While the Van Eck gold miners ETF is down 28% over the past month, a few of the larger cap TSX-listed pure play gold miners have held almost flat, with major falls concentrated among relatively smaller cap stocks.
A group of large Canada listed and operating junior miners is down 32% over the past month, hit hard, but still less so than the -41% drop in Van Eck's global junior gold miner ETF, and lower market caps are correlated with more severe declines.
Source: Yahoo Finance, *Van Eck
While gold had held up well in the first two weeks of the market decline, rising demand for liquidity finally pushed investors to sell this week, driving a -10.4% drop. However, in relative terms, gold looks robust compared to the collapse in equity indices and other major metals and commodities. Over the past month, gold is down just -8% compared to - 17% for copper, -29% for the S&P 500, -34% for silver, -36% for the Eurostoxx 600 and a dramatic -51% decline for crude oil (Figure 1). Clearly gold is being sold last, and being sold lightly, so far.
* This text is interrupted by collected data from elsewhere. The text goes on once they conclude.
Lemma trigpoly_csinhB (a : C) : trigpoly 1 (fun x => csinh (a - x)).
Proof.
exists ((cexp a / 2%:R)%:P - ((cexp a)^-1 / 2%:R) *: 'X).
  rewrite (leq_trans (size_polyD _ _)) // geq_max size_polyN.
  by rewrite (leq_trans (size_polyC_leq1 _)) // (leq_trans (size_scale_leq _ _)) ?size_polyX.
by move=> x; rewrite csinhB hornerD hornerN hornerC hornerZ hornerX expr1.
Qed.

Lemma trigpolyM n k (f g : C -> C) :
  trigpoly n f -> trigpoly k g -> trigpoly (n + k) (fun x => f x * g x).
Proof.
move=> [p sp fE] [q sq gE]; exists (p * q).
  rewrite (leq_trans (size_mul_leq _ _)) // -subn1 leq_subLR add1n.
  by rewrite -addnS -addSn leq_add.
by move=> x; rewrite fE gE hornerM exprD invfM; ring.
Qed.

Lemma trigpolyB n (f g : C -> C) :
  trigpoly n f -> trigpoly n g -> trigpoly n (fun x => f x - g x).
Proof.
move=> [p sp fE] [q sq gE]; exists (p - q).
  by rewrite (leq_trans (size_polyD _ _)) // size_polyN geq_max sp sq.
by move=> x; rewrite fE gE hornerD hornerN mulrBr.
Qed.

Lemma trigpolyZ n (c : C) (f : C -> C) : trigpoly n f -> trigpoly n (fun x => c * f x).
Proof.
move=> [p sp fE]; exists (c *: p); first exact: leq_trans (size_scale_leq _ _) sp.
by move=> x; rewrite fE hornerZ mulrCA.
Qed.

Lemma trigpoly_sum (I : Type) (r : seq I) (P : pred I) n (F : I -> C -> C) :
  (forall i, P i -> trigpoly n (F i)) ->
  trigpoly n (fun x => \sum_(i <- r | P i) F i x).
Proof.
move=> trigF; elim: r => [|i r IHr].
  by exists 0 => [|x]; rewrite ?size_poly0 ?big_nil ?horner0 ?mulr0.
case Pi: (P i); last by apply: trigpoly_ext IHr => x; rewrite big_cons Pi.
have [p sp FE] := trigF i Pi; have [q sq sumE] := IHr.
exists (p + q) => [|x]; first by rewrite (leq_trans (size_polyD _ _)) // geq_max sp sq.
by rewrite big_cons Pi FE sumE hornerD mulrDr.
Qed.

Lemma trigpoly_prod (I : Type) (r : seq I) (P : pred I) (d : I -> nat)
    (F : I -> C -> C) :
  (forall i, P i -> trigpoly (d i) (F i)) ->
  trigpoly (\sum_(i <- r | P i) d i) (fun x => \prod_(i <- r | P i) F i x).
Proof.
move=> trigF; elim: r => [|i r IHr].
  by rewrite big_nil; apply: trigpoly_ext (trigpoly_cst 1) => x; rewrite big_nil.
rewrite big_cons; case Pi: (P i); last by apply: trigpoly_ext IHr => x; rewrite big_cons Pi.
by apply: trigpoly_ext (trigpolyM (trigF i Pi) IHr) => x; rewrite big_cons Pi.
Qed.

Lemma trigpoly_eq0 n (f : C -> C) (zs : seq C) :
  trigpoly n f -> size zs = n.+1 -> uniq [seq cexp z ^+ 2 | z <- zs] ->
  {in zs, forall z, f z = 0} -> forall x, f x = 0.
Proof.
move=> [p sp fE] size_zs uniq_zs f_zs.
suff p0 : p = 0 by move=> x; rewrite fE p0 horner0 mulr0.
apply: (@roots_geq_poly_eq0 _ _ [seq cexp z ^+ 2 | z <- zs]) => //; last first.
  by rewrite size_map size_zs.
apply/allP => _ /mapP [z zs_z ->]; apply/eqP.
move: (f_zs z zs_z); rewrite fE => /eqP.
by rewrite mulf_eq0 invr_eq0 expf_eq0 (negPf (cexp_neq0 z)) andbF => /eqP.
Qed.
While the Van Eck gold miners ETF is down -28% over the past month, this has not hit all the miners equally. A look at the major TSX listed pure play gold miners (in order of highest to lowest market cap in Figure 2) shows larger market cap stocks Newmont and Franco Nevada remaining nearly flat over the past month, demonstrating that that the market is not indiscriminately selling all gold miners. As we move down in market cap, the losses become larger, indicating that the market could be concerned with the risks that relatively smaller gold miners may have more issues with raising capital in an extreme risk off environment.
We also see this trend in a group of the largest Canadian listed miners with operations focused in Canada (ranked from highest to lowest market cap in Figure 3). In general, as we move down in market cap, the stock price declines tend to get larger. It appears that while the market is factoring in the relative strength in gold, it might be giving a higher weighting to the risk that companies will have difficulty accessing capital in this environment to continue and expand their operations, even if the gold price does hold up. While this group of Canadian juniors in Figure 3 has seen a quite severe combined market cap decline of 32% over the past month, in a global context, this is a relative outperformance versus the 41% decline in Van Eck's global junior miner ETF.